→ REQUIRED ACTION: Please tally the lines of the records that contain "forall" and send back only the total.

(DATA PROVIDED Opens)

(* Let $G$ be a connected graph of order $n$. Then $\overline{\mathrm{lcs}}(G)=n-1$ if and only if $G$ has a vertex $v$ for which $\chi(G\setminus v)=\chi(G)-1=\deg(v)$.
   Context: All graphs are finite and simple. For a graph $G=(V,E)$ and an integer $k\ge\chi(G)$, a proper $k$-colouring is a map $c:V\to[k]$ with $c(u)\neq c(v)$ for every edge $uv$. A set $S\subseteq V$ is a determining set for $(G,c)$ if there is no proper $k$-colouring $c'\neq c$ of $G$ with $c'(s)=c(s)$ for all $s\in S$. A critical set for $(G,c)$ is an inclusion-minimal determining set. $\mathrm{lcs}(G,c)$ denotes the size of a largest critical set for $(G,c)$, and $\overline{\mathrm{lcs}}(G,k)$ is the maximum of $\mathrm{lcs}(G,c)$ over all proper $k$-colourings $c$ of $G$; $\overline{\mathrm{lcs}}(G)=\overline{\mathrm{lcs}}(G,\chi(G))$. $G\setminus v$ denotes $G$ with vertex $v$ deleted. *)

(* A simple graph = symmetric irreflexive relation e on a finType T. *)
From mathcomp Require Import all_boot.
Set Implicit Arguments. Unset Strict Implicit. Unset Printing Implicit Defensive.

Section Graphs.
Variable T : finType.
Variable e : rel T.

Definition proper_col (k : nat) (c : {ffun T -> 'I_k}) : bool :=
  [forall u, forall v, e u v ==> (c u != c v)].

Definition colourable (k : nat) : bool :=
  [exists c : {ffun T -> 'I_k}, proper_col c].

(* chromatic number: least k admitting a proper k-colouring
   (#|T| colours always suffice, so the min is over k <= #|T|) *)
Definition chi : nat :=
  \big[minn/#|T|]_(k < #|T|.+1 | colourable k) k.

Definition deg (v : T) : nat := #|[set u | e v u]|.

Definition connected_graph : Prop := forall x y : T, connect e x y.

Definition determining (k : nat) (c : {ffun T -> 'I_k}) (S : {set T}) : bool :=
  [forall c' : {ffun T -> 'I_k},
     (proper_col c' && [forall s in S, c' s == c s]) ==> (c' == c)].

Definition critical (k : nat) (c : {ffun T -> 'I_k}) (S : {set T}) : bool :=
  minset (determining c) S.

Definition lcs (k : nat) (c : {ffun T -> 'I_k}) : nat :=
  \max_(S : {set T} | critical c S) #|S|.

Definition lcsbar (k : nat) : nat :=
  \max_(c : {ffun T -> 'I_k} | proper_col c) lcs c.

(DATA PROVIDED Closes)

→ COMPLETED TASK: 4